Many Elecraft products are available both as kits and as ready-built units. All offer expansion options. One K3 option, the K144XV, adds a 10-watt 2-meter internal transceiver. The KX3 can accommodate a single internal VHF transverter module.  The KX3-2M adds the 2-meter band and the KX3-4M adds 4-meter band, both with 2.5-watt RF output. The 2-meter module receives 120-165 MHz, and transmits on the 2-meter amateur radio band. The 4-meter module covers 65–72 MHz. Sensitivity gradually falls off outside the ham bands, though the 2-meter module is capable of receiving 162 MHz weather-band stations and 120 MHz airport tower AM.

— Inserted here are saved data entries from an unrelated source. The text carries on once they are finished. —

(* complex numbers as (real part, imaginary part) *)
Definition C : Type := (R * R)%type.
Definition C0 : C := (0, 0).
Definition Cadd (z w : C) : C := (fst z + fst w, snd z + snd w).
Definition Cscale (r : R) (z : C) : C := (r * fst z, r * snd z).

Definition e (x : R) : C := (cos (2 * PI * x), sin (2 * PI * x)).

Definition Csum (l : list Z) (F : Z -> C) : C :=
  fold_right (fun x acc => Cadd (F x) acc) C0 l.

Definition residues (k : Z) : list Z := map Z.of_nat (seq 0 (Z.to_nat k)).

Definition A (p1 p2 p3 alpha k : Z) : C :=
  Csum (residues k) (fun x1 =>
  Csum (residues k) (fun x2 =>
  Csum (residues k) (fun x3 =>
    e (IZR (x1 * x2 * x3 * alpha - x1 * p1 - x2 * p2 - x3 * p3) / IZR k)))).

(* an inverse of u modulo c (the least one in 0..c-1; 0 if none exists) *)
Definition invmod (u c : Z) : Z :=
  match find (fun v => Z.eqb ((u * v - 1) mod c) 0) (residues c) with
  | Some v => v
  | None => 0%Z
  end.

Definition S (a b c : Z) : C :=
  Csum (filter (fun u => Z.eqb (Z.gcd u c) 1) (residues c))
       (fun u => e (IZR (a * u + b * invmod u c) / IZR c)).

Definition pos_divisors (g : Z) : list Z :=
  filter (fun f => Z.eqb (g mod f) 0) (map Z.of_nat (seq 1 (Z.to_nat g))).

Definition gcd3 (a b c : Z) : Z := Z.gcd (Z.gcd a b) c.

(* Summing over [x3] turns [A] into [k] times a sum over the solutions of
   [alpha x1 x2 = p3 (mod k)].  Group [x1] by [f = gcd(x1, k)], [x1 = f u] with
   [u] a unit mod [a = k/f].  Writing [x2 = r + a j], the sum over [j] vanishes
   unless [f | p2], the congruence forces [f | p3] and then has the unique
   solution [r = (p3/f) (alpha u)^-1 mod a], contributing
   [f e(-(p2 p3/f^2) (alpha u)^-1 / a)].  The substitution [v = -alpha u]
   turns the remaining sum over [u] into [S(p1 alphabar, p2 p3/f^2; a)]. *)

From Stdlib Require Import Reals ZArith List Lia Lra Permutation Znumtheory.
From Coquelicot Require Import Complex.
From Pilot Require Import Defs.
Open Scope R_scope.

(* [ring] reads the carrier off the type of the left-hand side, which for a
   variable is [Defs.C]; adding [0] puts both sides at Coquelicot's [C]. *)
Lemma C_eq_of_plus_0 (z w : Complex.C) : Cplus z (RtoC 0) = Cplus w (RtoC 0) -> z = w.
Proof. now rewrite !Cplus_0_r. Qed.

Ltac C_ring := change C0 with (RtoC 0) in *; apply C_eq_of_plus_0; ring.

Lemma Cscale_RtoC (r : R) (z : Defs.C) : Cscale r z = Cmult (RtoC r) z.
Proof. destruct z; unfold Cscale, Cmult, RtoC; cbn [fst snd]; f_equal; ring. Qed.

Section Csum.
Implicit Types (l : list Z) (F G : Z -> Defs.C).

Lemma Csum_nil F : Csum nil F = RtoC 0.
Proof. reflexivity. Qed.

Lemma Csum_cons x l F : Csum (x :: l) F = Cplus (F x) (Csum l F).
Proof. reflexivity. Qed.

Lemma Csum_app l l' F : Csum (l ++ l') F = Cplus (Csum l F) (Csum l' F).
Proof.
  induction l as [|x l IH]; cbn [app]; rewrite ?Csum_cons, ?Csum_nil, ?IH; C_ring.
Qed.

Lemma Csum_ext l F G : (forall x, In x l -> F x = G x) -> Csum l F = Csum l G.
Proof.
  induction l as [|x l IH]; intros H; [reflexivity|].
  rewrite !Csum_cons, H, IH by (now left || (intros; apply H; now right)). reflexivity.
Qed.

Lemma Csum_map (g : Z -> Z) l F : Csum (map g l) F = Csum l (fun x => F (g x)).
Proof. induction l as [|x l IH]; [reflexivity|]. cbn [map]. now rewrite !Csum_cons, IH. Qed.

Lemma Csum_flat_map (g : Z -> list Z) l F :
  Csum (flat_map g l) F = Csum l (fun x => Csum (g x) F).
Proof.
  induction l as [|x l IH]; [reflexivity|].
  cbn [flat_map]. now rewrite Csum_app, IH, Csum_cons.
Qed.

Lemma Csum_filter (P : Z -> bool) l F :
  Csum (filter P l) F = Csum l (fun x => if P x then F x else C0).
Proof.
  induction l as [|x l IH]; [reflexivity|].
  cbn [filter]. rewrite Csum_cons. destruct (P x); rewrite ?Csum_cons, IH; C_ring.
Qed.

The KX3 transceiver is a portable software-defined radio (SDR) transceiver with a full-featured knob-and-button interface. Although it is an SDR transceiver, it does not require a computer connection.

The company's well regarded "K-Line" consists of the K3 transceiver, the KPA500 500W solid-state power amplifier, the KAT500 automatic antenna tuner, and the P3 panadapter.  Also the P3SVGA add-on to the P3 to display the panadapter data on a large screen and the W2 HF/VHF/UHF wattmeter are sometimes considered part of the K-Line.  Most recently Elecraft has introduced the "KX-Line" consisting of the KX2 and KX3 transceivers, the PX3 panadapter, and the KXPA100 100W power amplifier.

In 2015, Elecraft introduced the K3S Transceiver as a direct replacement for the K3 Transceiver.  The K3S is a redesign of the K3 with new or upgraded features, most of which can be back fitted to an older K3.

The K3S is currently ranked 4th in overall performance by Sherwood Engineering company.

In 2017 Elecraft introduced the KPA1500, a 1500 watt (full legal limit) amplifier. The KPA1500 covers the 160 through 6 meter bands. Its most notable feature is a built-in wide-range antenna tuning unit (ATU). The amplifier's power supply is housed in a separate enclosure, allowing the RF deck/control unit to be quite small relative to other full legal limit amplifiers.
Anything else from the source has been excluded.